I must be missing the forest for the trees, but I was thinking that the answer should be the weighted sum of the probabilities of (y = f(x)) and (y =/= f(x)), and the weight mu (corresponding to an error, i.e. y =/= f(x)) should be assigned to the probability of that error, i.e. to 1-lambda.

This reasoning gives the answer [d]. Is it flawed?

htlin 04-18-2012 04:39 PM

Re: Hw 2, problem 3
 
Quote:

Originally Posted by useral (Post 1409)
Hello,

I must be missing the forest for the trees, but I was thinking that the answer should be the weighted sum of the probabilities of (y = f(x)) and (y =/= f(x)), and the weight mu (corresponding to an error, i.e. y =/= f(x)) should be assigned to the probability of that error, i.e. to 1-lambda.

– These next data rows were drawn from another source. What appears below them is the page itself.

(* Let $\|\cdot\|$ be a norm on $\mathbb{R}^n$ and let $F:\mathbb{R}^n\to\mathbb{R}^n$ be continuous and monotone with respect to $\|\cdot\|$ with monotonicity parameter $c\ge0$. Then for all $\alpha>0$, the resolvent $J_{\alpha F}=(\mathrm{Id}+\alpha F)^{-1}$ satisfies $\mathrm{Lip}(J_{\alpha F})\le\frac{1}{1+\alpha c}$.
   Context: $\mathrm{Lip}(T)$ denotes the smallest constant $L$ with $\|T(x)-T(y)\|\le L\|x-y\|$ for all $x,y$. A weak pairing (WP) on $\mathbb{R}^n$ is a map $[\![\cdot,\cdot]\!]:\mathbb{R}^n\times\mathbb{R}^n\to\mathbb{R}$ that is subadditive and continuous in its first argument, satisfies $[\![\alpha x,y]\!]=[\![x,\alpha y]\!]=\alpha[\![x,y]\!]$ for $\alpha\ge0$ and $[\![-x,-y]\!]=[\![x,y]\!]$, $[\![x,x]\!]>0$ for $x\ne0$, and $|[\![x,y]\!]|\le[\![x,x]\!]^{1/2}[\![y,y]\!]^{1/2}$; it is compatible with a norm if $[\![x,x]\!]=\|x\|^2$. WPs are assumed to also satisfy Deimling's inequality $[\![x,y]\!]\le\|y\|\lim_{h\to0^+}h^{-1}(\|y+hx\|-\|y\|)$ and the curve norm derivative formula ($\|x(t)\|D^+\|x(t)\|=[\![\dot x(t),x(t)]\!]$ a.e. for differentiable curves). $F$ is monotone with monotonicity parameter $c\ge0$ w.r.t. $\|\cdot\|$ if for some compatible WP, $-[\![-(F(x)-F(y)),x-y]\!]\ge c\|x-y\|^2$ for all $x,y$. *)

From HB Require Import structures.
From mathcomp Require Import all_boot all_order all_algebra.
From mathcomp Require Import all_classical all_reals all_analysis.
Set Implicit Arguments. Unset Strict Implicit. Unset Printing Implicit Defensive.
Import Order.TTheory GRing.Theory Num.Theory.
Import numFieldNormedType.Exports.
Local Open Scope classical_set_scope.
Local Open Scope ring_scope.

Section Defs.
Variables (R : realType) (n : nat).
Local Notation V := 'rV[R]_n.

Definition is_norm (nrm : V -> R) : Prop :=
  [/\ forall x, 0 <= nrm x,
      forall x, nrm x = 0 -> x = 0,
      forall (a : R) x, nrm (a *: x) = `|a| * nrm x
    & forall x y, nrm (x + y) <= nrm x + nrm y].

Definition is_weak_pairing (wp : V -> V -> R) : Prop :=
  [/\ forall x1 x2 y, wp (x1 + x2) y <= wp x1 y + wp x2 y,
      forall y, continuous (fun x => wp x y),
      forall (a : R) x y, 0 <= a -> (wp (a *: x) y = a * wp x y /\ wp x (a *: y) = a * wp x y),
      forall x y, wp (- x) (- y) = wp x y
    & (forall x, x != 0 -> 0 < wp x x) /\
      forall x y, `|wp x y| <= Num.sqrt (wp x x) * Num.sqrt (wp y y)].

Definition wp_compatible (nrm : V -> R) (wp : V -> V -> R) : Prop :=
  forall x, wp x x = nrm x ^+ 2.

Definition deimling_ineq (nrm : V -> R) (wp : V -> V -> R) : Prop :=
  forall x y, wp x y <=
    nrm y * lim ((fun h : R => h^-1 * (nrm (y + h *: x) - nrm y)) @ 0^'+).

Definition dini_upper_right (g : R -> R) (t : R) : \bar R :=
  limf_esup (fun h : R => ((g (t + h) - g t) / h)%:E) 0^'+.

Definition curve_norm_derivative (nrm : V -> R) (wp : V -> V -> R) : Prop :=
  forall x : R -> V, (forall t, derivable x t 1) ->
    {ae (@lebesgue_measure R), forall t,
       ((nrm (x t))%:E * dini_upper_right (fun s => nrm (x s)) t)%E
       = (wp ('D_1 x t) (x t))%:E}.

Definition WP_for (nrm : V -> R) (wp : V -> V -> R) : Prop :=
  [/\ is_weak_pairing wp, deimling_ineq nrm wp & curve_norm_derivative nrm wp].

Definition monotone_wrt (nrm : V -> R) (F : V -> V) (c : R) : Prop :=
  0 <= c /\
  exists wp : V -> V -> R,
    [/\ WP_for nrm wp, wp_compatible nrm wp
      & forall x y, - wp (- (F x - F y)) (x - y) >= c * nrm (x - y) ^+ 2].

Definition lip_le (nrm : V -> R) (T : V -> V) (L : R) : Prop :=
  forall x y, nrm (T x - T y) <= L * nrm (x - y).

End Defs.

From HB Require Import structures.
From mathcomp Require Import all_boot all_order all_algebra.
From mathcomp Require Import all_classical all_reals all_analysis.
From mathcomp Require Import ring lra.
Import Order.TTheory GRing.Theory Num.Theory.
Import numFieldNormedType.Exports.
Local Open Scope classical_set_scope.
Local Open Scope ring_scope.

(** Monotonicity with parameter [c] yields, through subadditivity and the
    Cauchy-Schwarz inequality of the weak pairing, the strong accretivity
    estimate [(1 + h c) |x - y| <= |x - y + h (F x - F y)|] for all [h >= 0].
    At [h = alpha] it says that [Id + alpha F] expands distances by [1 + alpha c],
    so its inverse, once it exists, is [1 / (1 + alpha c)]-Lipschitz.

    The real work is surjectivity.  For a target [u], the map
    [G = Id + alpha F - u] is continuous and strongly accretive with constant 1,
    and it has a zero: [|G|] attains its minimum on the compact ball
    [|x| <= |G 0| + 1], and that minimum is arbitrarily small.  To see this, run
    the explicit Euler scheme [x_(k+1) = x_k - h G x_k] from 0.  Accretivity and
    uniform continuity of [G] on the ball make each step a [1 / (1 + h)]
    contraction up to an error [2 h w], where [w] is the modulus of continuity
    of [G] at the step size; so the iterates stay in the ball and
    [x_(k+j) - x_k] is of order [w] once [(1 + h)^k] is large.  As [w] depends
    on [h], a single step only gives [|G x_k| = O(w / h)]; averaging [G] over
    [1 / h] consecutive steps gives [|G x_k| = O(w) + o(1)] instead. *)

Lemma compact_uniform_continuous {K : realType} {U V : normedModType K}
    (f : U -> V) (A : set U) (e : K) :
  continuous f -> compact A -> 0 < e ->
  exists2 d, 0 < d & forall x y, A x -> A y -> `|x - y| < d -> `|f x - f y| < e.
Proof.
move=> fc Ac e0.
pose gap (p : U * U) := `|f p.1 - f p.2|.
pose dist (p : U * U) := `|p.1 - p.2|.
have gap_cont : continuous gap.
  move=> p; have fB : {for p, continuous (fun q : U * U => f q.1 - f q.2)}.
    by apply: continuousB; apply: (continuous_comp _ (fc _));
      [exact: cvg_fst | exact: cvg_snd].
  exact: (continuous_comp fB (@norm_continuous _ _ _)).
have dist_cont : continuous dist.
  move=> p; have B : {for p, continuous (fun q : U * U => q.1 - q.2)}.
    exact: continuousB cvg_fst cvg_snd.
  exact: (continuous_comp B (@norm_continuous _ _ _)).
pose bad := (A `*` A) `&` [set p | e <= gap p].
have bad_compact : compact bad.
  apply: compact_closedI; first exact: compact_setX.
  by have := proj1 (continuous_closedP _) gap_cont _ (@closed_ge _ e).
have [[p0 bad_p0]|bad0] := pselect (bad !=set0); last first.
  exists 1 => // x y Ax Ay _; rewrite ltNge; apply/negP => exy.
  by apply: bad0; exists (x, y).
have [p p_bad p_min] := compact_EVT_min (ex_intro _ p0 bad_p0) bad_compact
  (continuous_subspaceT dist_cont).
have [_ /= e_gap] := set_mem p_bad.
exists (dist p) => [|x y Ax Ay dxy].
  rewrite normr_gt0 subr_eq0; apply: contraTneq e_gap => p12.
  by rewrite /gap p12 subrr normr0 -ltNge.
rewrite ltNge; apply: contraTN dxy => exy; rewrite -leNgt.
by apply: (p_min (x, y)); rewrite inE.
Qed.

Lemma bernoulli_ineq {R : realDomainType} (h : R) k :
  0 <= h -> 1 + k%:R * h <= (1 + h) ^+ k.
Proof.
move=> h_ge0; elim: k => [|k IH]; first by rewrite mul0r expr0 addr0.
have : 0 <= k%:R * h * h by rewrite !mulr_ge0.
by rewrite exprS -natr1; nra.
Qed.

Lemma exists_expr_ge {R : archiRealFieldType} (h c delta : R) :
  0 < h -> 0 < delta -> exists k, c <= (1 + h) ^+ k * delta.
Proof.
move=> h_gt0 delta_gt0; pose k := Num.Def.archi_bound (`|c| / (delta * h)).
have : `|c| / (delta * h) < k%:R.
  by apply: archi_boundP; apply: divr_ge0 => //; exact/ltW/mulr_gt0.
rewrite ltr_pdivrMr ?mulr_gt0 // => ck; exists k.
have := bernoulli_ineq h k (ltW h_gt0); rewrite -(ler_pM2r delta_gt0) => kh.
apply: le_trans kh; have := ler_norm c; nra.
Qed.

Lemma ler_coord_mx_norm {K : realDomainType} {m n : nat} (x : 'M[K]_(m, n)) i j :
  `|x i j| <= `|x|.
Proof.
have /mapP[k _ ->] : `|x i j| \in [seq `|x k.1 k.2| | k : 'I_m * 'I_n].
  by apply/mapP; exists (i, j) => //=; rewrite mem_enum.
by rewrite [leRHS]/Num.norm /= mx_normrE; apply/bigmax_geP; right; exists k.
Qed.

Lemma closed_mx_norm_bounded_compact {R : realType} {n : nat}
    (A : set 'rV[R]_n) (B : R) :
  closed A -> (forall x, A x -> `|x| <= B) -> compact A.
Proof.
move=> Acl AB; apply: bounded_closed_compact => //.
exists B; split; first exact: num_real.
by move=> M BM x Ax; apply: le_trans (AB _ Ax) (ltW BM).
Qed.

Definition strongly_accretive {R : realType} {n : nat} (nrm : 'rV[R]_n -> R)
    (F : 'rV[R]_n -> 'rV[R]_n) (c : R) : Prop :=
  forall x y (h : R), 0 <= h ->
    (1 + h * c) * nrm (x - y) <= nrm (x - y + h *: (F x - F y)).

Section FiniteDimensionalNorm.
Context {R : realType} {n : nat} {nrm : 'rV[R]_n -> R} (nrm_norm : is_norm nrm).

Let nrm_ge0 (x : 'rV[R]_n) : 0 <= nrm x.
Proof. by case: nrm_norm. Qed.
Let nrm_eq0 (x : 'rV[R]_n) : nrm x = 0 -> x = 0.
Proof. by case: nrm_norm => _ + _ _; apply. Qed.
Let nrmZ (a : R) (x : 'rV[R]_n) : nrm (a *: x) = `|a| * nrm x.
Proof. by case: nrm_norm. Qed.
Let nrm_triangle (x y : 'rV[R]_n) : nrm (x + y) <= nrm x + nrm y.
Proof. by case: nrm_norm. Qed.

Lemma nrm0 : nrm 0 = 0.
Proof. by rewrite -(scale0r 0) nrmZ normr0 mul0r. Qed.

Lemma nrmN x : nrm (- x) = nrm x.
Proof. by rewrite -scaleN1r nrmZ normrN normr1 mul1r. Qed.

Lemma ler_nrm_sum {I : Type} (r : seq I) (P : pred I) (f : I -> 'rV[R]_n) :
  nrm (\sum_(i <- r | P i) f i) <= \sum_(i <- r | P i) nrm (f i).
Proof.
elim/big_rec2: _ => [|i y1 y2 _ IH]; first by rewrite nrm0.
by apply: le_trans (nrm_triangle _ _) _; rewrite lerD2l.
Qed.

Lemma nrm_distC x y : nrm (x - y) = nrm (y - x).
Proof. by rewrite -nrmN opprB. Qed.

Lemma ler_dist_nrm x y : `|nrm x - nrm y| <= nrm (x - y).
Proof.
have := nrm_triangle (x - y) y; have := nrm_triangle (y - x) x.
rewrite !subrK (nrm_distC y) ler_norml; lra.
Qed.

Lemma nrm_le_mx_norm : exists2 C, 0 <= C & forall x, nrm x <= C * `|x|.
Proof.
exists (\sum_(j < n) nrm 'e_j); first exact: sumr_ge0.
move=> x; rewrite {1}(row_sum_delta x) mulr_suml.
apply: le_trans (ler_nrm_sum _ _ _) _; apply: ler_sum => j _.
by rewrite nrmZ mulrC ler_wpM2l // ler_coord_mx_norm.
Qed.

Lemma continuous_nrm : continuous nrm.
Proof.
have [C C0 nrmC] := nrm_le_mx_norm.
have C1 : 0 < C + 1 by rewrite ltr_wpDl.
move=> x; apply/(@cvgrPdist_le _ _ _ _ (nbhs_filter x)) => e e0.
apply: filterS (nbhsx_ballx x (e / (C + 1)) _); last by rewrite divr_gt0.
move=> y; rewrite -ball_normE /= ltr_pdivlMr // => xy.
apply: le_trans (ler_dist_nrm _ _) _; apply: le_trans (nrmC _) _.
by apply/ltW/le_lt_trans/xy; rewrite mulrC ler_wpM2l ?lerDl.
Qed.

Lemma mx_norm_le_nrm : exists2 m, 0 < m & forall x, m * `|x| <= nrm x.
Proof.
pose S := [set x : 'rV[R]_n | `|x| = 1].
have S_compact : compact S.
  apply: (@closed_mx_norm_bounded_compact _ _ _ 1) => [|x -> //].
  by have := proj1 (continuous_closedP _) (@norm_continuous R 'rV[R]_n) _
    (@closed_eq _ 1).
have normalize x : `|x| != 0 -> S (`|x|^-1 *: x).
  by move=> x0; rewrite /S /= normrZ normfV normr_id mulVf.
(* [S] is empty only when [n = 0]. *)
have [[u Su]|S0] := pselect (S !=set0); last first.
  exists 1 => // x; rewrite mul1r; have [->|x0] := eqVneq `|x| 0; first exact: nrm_ge0.
  by case: S0; exists (`|x|^-1 *: x); apply: normalize.
have [c /set_mem Sc c_min] := EVT_min_rV (ex_intro _ u Su) S_compact
  (continuous_subspaceT continuous_nrm).
have c_gt0 : 0 < nrm c.
  rewrite lt0r nrm_ge0 andbT; apply/eqP => /nrm_eq0 c0.
  by move: Sc; rewrite /S /= c0 normr0 => /eqP; rewrite eq_sym oner_eq0.
exists (nrm c) => // x; have [->|x0] := eqVneq `|x| 0; first by rewrite mulr0.
have := c_min _ (mem_set (normalize _ x0)); rewrite nrmZ normfV normr_id.
by rewrite ler_pdivlMl ?lt0r ?x0 ?normr_ge0 // (mulrC (nrm c)).
Qed.

Lemma compact_nrm_ball r : compact [set x | nrm x <= r].
Proof.
have [m m_gt0 m_le] := mx_norm_le_nrm.
apply: (@closed_mx_norm_bounded_compact _ _ _ (r / m)) => [|x /= xr].
  by have := proj1 (continuous_closedP _) continuous_nrm _ (@closed_le _ r).
by rewrite ler_pdivlMr // mulrC (le_trans (m_le x)).
Qed.

Section ContinuousMap.
Context {G : 'rV[R]_n -> 'rV[R]_n} (G_cont : continuous G).

Lemma nrm_ball_uniform_continuous r e : 0 < e -> exists2 d, 0 < d &
  forall x y, nrm x <= r -> nrm y <= r -> nrm (x - y) <= d -> nrm (G x - G y) <= e.
Proof.
move=> e_gt0; have [C C_ge0 nrmC] := nrm_le_mx_norm.
have [m m_gt0 m_le] := mx_norm_le_nrm.
have C1 : 0 < C + 1 by rewrite ltr_wpDl.
have [d d_gt0 Gd] := compact_uniform_continuous _ _ _ G_cont (compact_nrm_ball r)
  (divr_gt0 e_gt0 C1).
exists (m * d / 2) => [|x y xr yr xy]; first by rewrite !mulr_gt0.
have xy_d : `|x - y| < d.
  have := le_trans (m_le (x - y)) xy; rewrite -mulrA ler_pM2l //; lra.
apply: le_trans (nrmC _) _; have := Gd _ _ xr yr xy_d.
rewrite ltr_pdivlMr // => Ge; apply/ltW/le_lt_trans/Ge.
by rewrite mulrC ler_wpM2l ?lerDl.
Qed.

Lemma nrm_ball_bounded r : 0 <= r -> exists2 M, 0 < M &
  forall x, nrm x <= r -> nrm (G x) <= M.
Proof.
move=> r_ge0; have ball0 : [set x | nrm x <= r] 0 by rewrite /= nrm0.
have [c _ c_max] := EVT_max_rV (ex_intro _ 0 ball0) (compact_nrm_ball r)
  (continuous_subspaceT (fun x => continuous_comp (G_cont x) (continuous_nrm _))).
exists (nrm (G c) + 1) => [|x xr]; first by rewrite ltr_wpDl.
by have /= := c_max x (mem_set xr); lra.
Qed.

End ContinuousMap.

Lemma ler_nrm_addZ (h : R) a b u v : 0 <= h ->
  nrm (a + h *: u - (b + h *: v)) <= nrm (a - b) + h * nrm u + h * nrm v.
Proof.
move=> h_ge0; rewrite opprD addrACA.
apply: le_trans (nrm_triangle _ _) _; rewrite -addrA lerD2l.
by apply: le_trans (nrm_triangle _ _) _; rewrite nrmN !nrmZ ger0_norm.
Qed.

This reasoning gives the answer [d]. Is it flawed?

The cases that h(\mathbf{x}) would be different from y is when either, but not both, of these events happen: h(\mathbf{x}) \neq f(\mathbf{x}), or f(\mathbf{x}) \neq y. Hope this helps.

useral 04-19-2012 02:25 PM

Re: Hw 2, problem 3
 
Quote:

Originally Posted by htlin (Post 1428)
The cases that h(\mathbf{x}) would be different from y is when either, but not both, of these events happen: h(\mathbf{x}) \neq f(\mathbf{x}), or f(\mathbf{x}) \neq y. Hope this helps.

Thanks, that clarifies it.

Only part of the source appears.